"RE: Support of IEEE float; Canonical XML"

 John Schneider wrote, in part -
> ...
> With that background, here is a run-down of the primary drivers that
> motivate the default EXI floating point representation.
> 
> 1. Compactness
> 
> EXI Float is often more compact than IEEE. As part of our analysis, the EXI
> working group tested the compactness of EXI Float vs. IEEE across our test
> suite to get an idea which representation provided the best compactness for
> more EXI use cases.

I suspected the test cases do not present floating point numbers to full precision
(see http://lists.w3.org/Archives/Public/public-exi-comments/2009Jul/0004.html )
so I did a quick analysis of the number of significant digits used in the test cases.
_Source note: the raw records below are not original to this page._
Lemma covers_no_between A x y z :
  covers_in le A x y -> z \in A -> ltp le x z -> ltp le z y -> False.
Proof.
by case/and4P=> _ _ _ /forall_inP gap zA ltxz ltzy; move: (gap z zA); rewrite ltxz ltzy.
Qed.

Lemma covers_in_subset (A B : {set T}) x y :
  covers_in le A x y -> B \subset A -> x \in B -> y \in B -> covers_in le B x y.
Proof.
case/and4P=> _ _ ltxy /forall_inP gap /subsetP sBA xB yB.
by rewrite /covers_in xB yB ltxy; apply/forall_inP => z /sBA; apply: gap.
Qed.

Lemma covers_hasse_adj A x y : covers_in le A x y -> hasse_adj le A x y.
Proof. by rewrite /hasse_adj => ->. Qed.

Lemma hasse_adjC A : symmetric (hasse_adj le A).
Proof. by move=> x y; rewrite /hasse_adj orbC. Qed.

Lemma hasse_adjxx A x : hasse_adj le A x x = false.
Proof. by rewrite /hasse_adj orbb; apply/negP => /covers_ltp; rewrite ltpxx. Qed.

Lemma hasse_adj_subset (A B : {set T}) x y :
  hasse_adj le A x y -> B \subset A -> x \in B -> y \in B -> hasse_adj le B x y.
Proof.
by rewrite /hasse_adj => /orP[] cov sBA xB yB; rewrite (covers_in_subset cov) ?orbT.
Qed.

Lemma two_covers_not_hasse_adj A x y z :
  covers_in le A x y -> covers_in le A y z -> hasse_adj le A x z = false.
Proof.
move=> covxy covyz; have ltxy := covers_ltp covxy; have ltyz := covers_ltp covyz.
apply/negbTE/negP => /orP[covxz|covzx].
- by apply: (covers_no_between covxz _ ltxy ltyz); case/and4P: covxy.
- by move: (covers_ltp covzx); rewrite ltp_gtF // (ltp_trans ltxy ltyz).
Qed.

Lemma exists_cover x y : ltp le x y -> exists2 z, covers_in le setT x z & le z y.
Proof.
move=> ltxy; pose below z := [set w | le w z].
have ltxy_y : ltp le x y && le y y by rewrite ltxy poset_refl.
have [z /andP[ltxz lezy] zmin] :=
  @arg_minnP _ y (fun z => ltp le x z && le z y) (fun z => #|below z|) ltxy_y.
exists z => //; rewrite /covers_in !in_setT ltxz; apply/forall_inP => w _.
apply/negP => /andP[ltxw ltwz].
have := zmin w; rewrite ltxw (poset_trans (ltpW ltwz) lezy) => /(_ isT).
rewrite leqNgt => /negP; apply; apply: proper_card; apply/properP; split.
- by apply/subsetP => v; rewrite !inE => /poset_trans; apply; apply: ltpW.
- by exists z; rewrite !inE ?poset_refl ?ltp_geF.
Qed.

Definition diamond a b c d :=
  [&& ltp le a b, ltp le b d, ltp le a c, ltp le c d, ~~ le b c & ~~ le c b].

Lemma covers_skip x y z : (forall w, ~~ diamond x y w z) ->
  covers_in le setT x y -> covers_in le setT y z -> covers_in le (setT :\ y) x z.
Proof.
move=> no_diamond covxy covyz; have ltxy := covers_ltp covxy; have ltyz := covers_ltp covyz.
have /andP[_ nexy] := ltxy; have /andP[_ neyz] := ltyz.
rewrite /covers_in !inE nexy eq_sym neyz (ltp_trans ltxy ltyz) /=.
apply/forall_inP => w; rewrite !inE andbT => newy; apply/negP => /andP[ltxw ltwz].
have := no_diamond w; rewrite /diamond ltxy ltyz ltxw ltwz /= negb_and !negbK.
case/orP => [leyw|lewy].
- by apply: (covers_no_between covyz (in_setT w) _ ltwz); rewrite /ltp leyw eq_sym.
- by apply: (covers_no_between covxy (in_setT w) ltxw); rewrite /ltp lewy.
Qed.

Definition diamond_map (a b c d : T) (i : 'I_4) := nth a [:: a; b; c; d] i.

Lemma diamond_mono a b c d : diamond a b c d ->
  {mono diamond_map a b c d : i j / leV i j >-> le i j}.
Proof.
case/and5P=> ltab ltbd ltac ltcd /andP[/negbTE nlebc /negbTE nlecb].
have ltad := ltp_trans ltab ltbd.
move=> [[|[|[|[|i]]]] ?] // [[|[|[|[|j]]]] ?] //; rewrite /diamond_map /leV /=;
  by rewrite ?poset_refl ?(ltpW ltab, ltpW ltbd, ltpW ltac, ltpW ltcd, ltpW ltad)
    ?(ltp_geF ltab, ltp_geF ltbd, ltp_geF ltac, ltp_geF ltcd, ltp_geF ltad) ?nlebc ?nlecb.
Qed.

Section Minimal.
Hypothesis hmin : forall A : {set T}, A \proper [set: T] -> ~ hasse_has_cycle le A.

Lemma hasse_cycle_full A : hasse_has_cycle le A -> A = setT.
Proof. by move=> cycA; apply/eqP/negPn/negP; rewrite -properT => /hmin. Qed.

Lemma diamond_order_iso a b c d : diamond a b c d -> order_iso le leV.
Proof.
move=> dia; have q_mono := diamond_mono dia.
have q_inj := mono_inj poset_refl leV_anti q_mono.
have qT := hasse_cycle_full (hasse_cycle_imset q_mono q_inj leV_hasse_cycle).
apply: order_iso_of_surj q_mono q_inj _ => x.
have : x \in diamond_map a b c d @: setT by rewrite qT in_setT.
by case/imsetP => i _ ->; exists i.
Qed.

Definition hasse_enum n (g : nat -> T) :=
  [/\ 2 < n, forall t, g (t + n) = g t, forall a b, g a = g b -> a = b %[mod n],
      forall t, hasse_adj le setT (g t) (g t.+1) & forall x, exists t, x = g t].

Section HasseEnumeration.
Hypothesis diamond_free : forall a b c d, ~~ diamond a b c d.
Variables (n : nat) (g : nat -> T).
Hypothesis g_enum : hasse_enum n g.

Let n_gt2 : 2 < n. Proof. by case: g_enum. Qed.
Let g_periodic t : g (t + n) = g t. Proof. by case: g_enum. Qed.
Let g_injmod a b : g a = g b -> a = b %[mod n]. Proof. by case: g_enum => _ _ /(_ a b). Qed.
Let g_adj t : hasse_adj le setT (g t) (g t.+1). Proof. by case: g_enum. Qed.
Let g_surj x : exists t, x = g t. Proof. by case: g_enum. Qed.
The only two sets of interesting cases are AVCL and HepRep, these were also the ones showing the greatest advantage to the EXI representation. In both sets the floating point datatype is xsd:double, but the data is presented to an average of only 6.4 digits precision. Given that IEEE double carries more than 16 decimal digits of precision, its clear these sample data sets are not good representatives for the kind of massive machine-to-machine data transmission and storage for which EXI should be well suited.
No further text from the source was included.